| Task details |
Every record should be written out again in full, with no character altered.

| Data section |
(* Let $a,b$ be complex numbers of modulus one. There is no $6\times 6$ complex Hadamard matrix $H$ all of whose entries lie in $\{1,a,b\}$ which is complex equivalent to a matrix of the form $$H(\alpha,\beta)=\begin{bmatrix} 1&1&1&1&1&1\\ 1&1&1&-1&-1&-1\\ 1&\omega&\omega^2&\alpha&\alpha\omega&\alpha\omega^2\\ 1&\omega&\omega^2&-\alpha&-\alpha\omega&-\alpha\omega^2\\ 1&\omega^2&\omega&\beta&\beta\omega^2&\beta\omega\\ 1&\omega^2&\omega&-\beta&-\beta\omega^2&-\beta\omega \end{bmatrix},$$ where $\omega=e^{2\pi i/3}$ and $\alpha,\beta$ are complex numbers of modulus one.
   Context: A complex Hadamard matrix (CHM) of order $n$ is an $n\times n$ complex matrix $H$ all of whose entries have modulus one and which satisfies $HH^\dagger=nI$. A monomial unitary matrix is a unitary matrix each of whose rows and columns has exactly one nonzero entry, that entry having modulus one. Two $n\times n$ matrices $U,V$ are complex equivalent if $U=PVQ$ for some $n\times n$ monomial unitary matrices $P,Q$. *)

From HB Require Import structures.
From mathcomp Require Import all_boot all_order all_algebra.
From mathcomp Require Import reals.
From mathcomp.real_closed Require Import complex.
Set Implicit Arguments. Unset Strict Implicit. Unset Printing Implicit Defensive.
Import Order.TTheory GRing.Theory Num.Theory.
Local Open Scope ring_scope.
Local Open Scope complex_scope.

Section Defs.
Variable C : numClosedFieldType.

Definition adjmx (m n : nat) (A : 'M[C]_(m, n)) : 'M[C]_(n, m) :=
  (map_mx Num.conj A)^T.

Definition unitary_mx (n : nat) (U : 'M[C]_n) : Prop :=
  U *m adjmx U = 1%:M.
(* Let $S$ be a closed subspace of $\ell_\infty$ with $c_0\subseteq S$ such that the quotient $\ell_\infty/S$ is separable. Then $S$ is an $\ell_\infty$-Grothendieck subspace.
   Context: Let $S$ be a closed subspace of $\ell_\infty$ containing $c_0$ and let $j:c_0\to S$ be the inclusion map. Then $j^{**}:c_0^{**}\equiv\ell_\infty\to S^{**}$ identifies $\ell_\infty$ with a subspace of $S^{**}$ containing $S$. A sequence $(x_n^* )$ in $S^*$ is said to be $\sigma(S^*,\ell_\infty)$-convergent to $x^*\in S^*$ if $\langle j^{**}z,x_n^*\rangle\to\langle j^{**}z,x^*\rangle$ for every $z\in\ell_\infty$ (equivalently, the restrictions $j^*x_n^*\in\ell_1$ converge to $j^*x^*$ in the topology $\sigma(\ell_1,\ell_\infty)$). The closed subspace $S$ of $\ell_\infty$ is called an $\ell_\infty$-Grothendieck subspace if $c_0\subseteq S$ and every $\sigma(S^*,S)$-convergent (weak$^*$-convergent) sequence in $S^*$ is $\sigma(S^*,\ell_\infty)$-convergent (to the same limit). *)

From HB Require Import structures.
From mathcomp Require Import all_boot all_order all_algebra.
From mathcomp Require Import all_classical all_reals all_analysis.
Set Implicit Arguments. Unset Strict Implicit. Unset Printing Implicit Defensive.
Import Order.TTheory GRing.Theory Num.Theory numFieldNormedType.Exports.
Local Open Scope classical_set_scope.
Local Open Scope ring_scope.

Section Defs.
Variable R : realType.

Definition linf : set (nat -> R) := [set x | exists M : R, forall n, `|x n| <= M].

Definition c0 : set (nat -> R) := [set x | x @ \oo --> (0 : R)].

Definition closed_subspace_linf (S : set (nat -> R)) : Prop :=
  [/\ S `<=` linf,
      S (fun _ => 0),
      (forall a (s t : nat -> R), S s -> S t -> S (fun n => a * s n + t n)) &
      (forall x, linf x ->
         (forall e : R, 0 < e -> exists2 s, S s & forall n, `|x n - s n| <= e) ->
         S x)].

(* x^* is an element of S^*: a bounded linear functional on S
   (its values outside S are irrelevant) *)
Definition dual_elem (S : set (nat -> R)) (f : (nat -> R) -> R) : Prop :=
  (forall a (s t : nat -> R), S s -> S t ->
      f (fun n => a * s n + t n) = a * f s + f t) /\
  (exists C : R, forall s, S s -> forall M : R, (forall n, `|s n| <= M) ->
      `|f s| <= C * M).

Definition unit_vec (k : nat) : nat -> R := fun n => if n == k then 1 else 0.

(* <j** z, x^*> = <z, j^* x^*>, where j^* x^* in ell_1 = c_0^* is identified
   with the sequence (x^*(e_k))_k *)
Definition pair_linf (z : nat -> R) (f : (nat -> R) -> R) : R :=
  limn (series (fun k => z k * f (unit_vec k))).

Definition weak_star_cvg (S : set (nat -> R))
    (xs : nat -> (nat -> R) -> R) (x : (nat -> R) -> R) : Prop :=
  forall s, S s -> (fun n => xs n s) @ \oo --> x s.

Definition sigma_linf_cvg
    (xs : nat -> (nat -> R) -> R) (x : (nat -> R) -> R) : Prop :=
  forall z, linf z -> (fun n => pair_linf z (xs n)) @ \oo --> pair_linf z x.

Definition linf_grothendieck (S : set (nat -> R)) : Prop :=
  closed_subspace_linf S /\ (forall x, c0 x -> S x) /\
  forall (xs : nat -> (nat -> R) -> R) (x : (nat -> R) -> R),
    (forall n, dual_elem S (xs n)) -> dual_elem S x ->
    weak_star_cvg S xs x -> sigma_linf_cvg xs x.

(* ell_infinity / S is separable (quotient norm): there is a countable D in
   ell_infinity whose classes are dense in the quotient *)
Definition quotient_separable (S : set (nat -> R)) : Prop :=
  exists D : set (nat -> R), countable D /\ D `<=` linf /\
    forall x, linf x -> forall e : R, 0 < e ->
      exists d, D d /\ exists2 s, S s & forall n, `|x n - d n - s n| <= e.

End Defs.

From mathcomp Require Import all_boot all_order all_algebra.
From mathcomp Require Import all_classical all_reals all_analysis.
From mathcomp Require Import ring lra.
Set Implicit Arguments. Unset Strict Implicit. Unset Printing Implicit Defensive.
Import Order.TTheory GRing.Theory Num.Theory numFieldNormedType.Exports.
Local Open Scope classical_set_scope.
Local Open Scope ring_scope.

| Solution to the exercise |
(* Let $a,b$ be complex numbers of modulus one. There is no $6\times 6$ complex Hadamard matrix $H$ all of whose entries lie in $\{1,a,b\}$ which is complex equivalent to a matrix of the form $$H(\alpha,\beta)=\begin{bmatrix} 1&1&1&1&1&1\\ 1&1&1&-1&-1&-1\\ 1&\omega&\omega^2&\alpha&\alpha\omega&\alpha\omega^2\\ 1&\omega&\omega^2&-\alpha&-\alpha\omega&-\alpha\omega^2\\ 1&\omega^2&\omega&\beta&\beta\omega^2&\beta\omega\\ 1&\omega^2&\omega&-\beta&-\beta\omega^2&-\beta\omega \end{bmatrix},$$ where $\omega=e^{2\pi i/3}$ and $\alpha,\beta$ are complex numbers of modulus one.
   Context: A complex Hadamard matrix (CHM) of order $n$ is an $n\times n$ complex matrix $H$ all of whose entries have modulus one and which satisfies $HH^\dagger=nI$. A monomial unitary matrix is a unitary matrix each of whose rows and columns has exactly one nonzero entry, that entry having modulus one. Two $n\times n$ matrices $U,V$ are complex equivalent if $U=PVQ$ for some $n\times n$ monomial unitary matrices $P,Q$. *)

From HB Require Import structures.
From mathcomp Require Import all_boot all_order all_algebra.
From mathcomp Require Import reals.
From mathcomp.real_closed Require Import complex.
Set Implicit Arguments. Unset Strict Implicit. Unset Printing Implicit Defensive.
Import Order.TTheory GRing.Theory Num.Theory.
Local Open Scope ring_scope.
Local Open Scope complex_scope.

Section Defs.
Variable C : numClosedFieldType.

Definition adjmx (m n : nat) (A : 'M[C]_(m, n)) : 'M[C]_(n, m) :=
  (map_mx Num.conj A)^T.

Definition unitary_mx (n : nat) (U : 'M[C]_n) : Prop :=
  U *m adjmx U = 1%:M.
(* Let $S$ be a closed subspace of $\ell_\infty$ with $c_0\subseteq S$ such that the quotient $\ell_\infty/S$ is separable. Then $S$ is an $\ell_\infty$-Grothendieck subspace.
   Context: Let $S$ be a closed subspace of $\ell_\infty$ containing $c_0$ and let $j:c_0\to S$ be the inclusion map. Then $j^{**}:c_0^{**}\equiv\ell_\infty\to S^{**}$ identifies $\ell_\infty$ with a subspace of $S^{**}$ containing $S$. A sequence $(x_n^* )$ in $S^*$ is said to be $\sigma(S^*,\ell_\infty)$-convergent to $x^*\in S^*$ if $\langle j^{**}z,x_n^*\rangle\to\langle j^{**}z,x^*\rangle$ for every $z\in\ell_\infty$ (equivalently, the restrictions $j^*x_n^*\in\ell_1$ converge to $j^*x^*$ in the topology $\sigma(\ell_1,\ell_\infty)$). The closed subspace $S$ of $\ell_\infty$ is called an $\ell_\infty$-Grothendieck subspace if $c_0\subseteq S$ and every $\sigma(S^*,S)$-convergent (weak$^*$-convergent) sequence in $S^*$ is $\sigma(S^*,\ell_\infty)$-convergent (to the same limit). *)

From HB Require Import structures.
From mathcomp Require Import all_boot all_order all_algebra.
From mathcomp Require Import all_classical all_reals all_analysis.
Set Implicit Arguments. Unset Strict Implicit. Unset Printing Implicit Defensive.
Import Order.TTheory GRing.Theory Num.Theory numFieldNormedType.Exports.
Local Open Scope classical_set_scope.
Local Open Scope ring_scope.

Section Defs.
Variable R : realType.

Definition linf : set (nat -> R) := [set x | exists M : R, forall n, `|x n| <= M].

Definition c0 : set (nat -> R) := [set x | x @ \oo --> (0 : R)].

Definition closed_subspace_linf (S : set (nat -> R)) : Prop :=
  [/\ S `<=` linf,
      S (fun _ => 0),
      (forall a (s t : nat -> R), S s -> S t -> S (fun n => a * s n + t n)) &
      (forall x, linf x ->
         (forall e : R, 0 < e -> exists2 s, S s & forall n, `|x n - s n| <= e) ->
         S x)].

(* x^* is an element of S^*: a bounded linear functional on S
   (its values outside S are irrelevant) *)
Definition dual_elem (S : set (nat -> R)) (f : (nat -> R) -> R) : Prop :=
  (forall a (s t : nat -> R), S s -> S t ->
      f (fun n => a * s n + t n) = a * f s + f t) /\
  (exists C : R, forall s, S s -> forall M : R, (forall n, `|s n| <= M) ->
      `|f s| <= C * M).

Definition unit_vec (k : nat) : nat -> R := fun n => if n == k then 1 else 0.

(* <j** z, x^*> = <z, j^* x^*>, where j^* x^* in ell_1 = c_0^* is identified
   with the sequence (x^*(e_k))_k *)
Definition pair_linf (z : nat -> R) (f : (nat -> R) -> R) : R :=
  limn (series (fun k => z k * f (unit_vec k))).

Definition weak_star_cvg (S : set (nat -> R))
    (xs : nat -> (nat -> R) -> R) (x : (nat -> R) -> R) : Prop :=
  forall s, S s -> (fun n => xs n s) @ \oo --> x s.

Definition sigma_linf_cvg
    (xs : nat -> (nat -> R) -> R) (x : (nat -> R) -> R) : Prop :=
  forall z, linf z -> (fun n => pair_linf z (xs n)) @ \oo --> pair_linf z x.

Definition linf_grothendieck (S : set (nat -> R)) : Prop :=
  closed_subspace_linf S /\ (forall x, c0 x -> S x) /\
  forall (xs : nat -> (nat -> R) -> R) (x : (nat -> R) -> R),
    (forall n, dual_elem S (xs n)) -> dual_elem S x ->
    weak_star_cvg S xs x -> sigma_linf_cvg xs x.

(* ell_infinity / S is separable (quotient norm): there is a countable D in
   ell_infinity whose classes are dense in the quotient *)
Definition quotient_separable (S : set (nat -> R)) : Prop :=
  exists D : set (nat -> R), countable D /\ D `<=` linf /\
    forall x, linf x -> forall e : R, 0 < e ->
      exists d, D d /\ exists2 s, S s & forall n, `|x n - d n - s n| <= e.

End Defs.

From mathcomp Require Import all_boot all_order all_algebra.
From mathcomp Require Import all_classical all_reals all_analysis.
From mathcomp Require Import ring lra.
Set Implicit Arguments. Unset Strict Implicit. Unset Printing Implicit Defensive.
Import Order.TTheory GRing.Theory Num.Theory numFieldNormedType.Exports.
Local Open Scope classical_set_scope.
Local Open Scope ring_scope.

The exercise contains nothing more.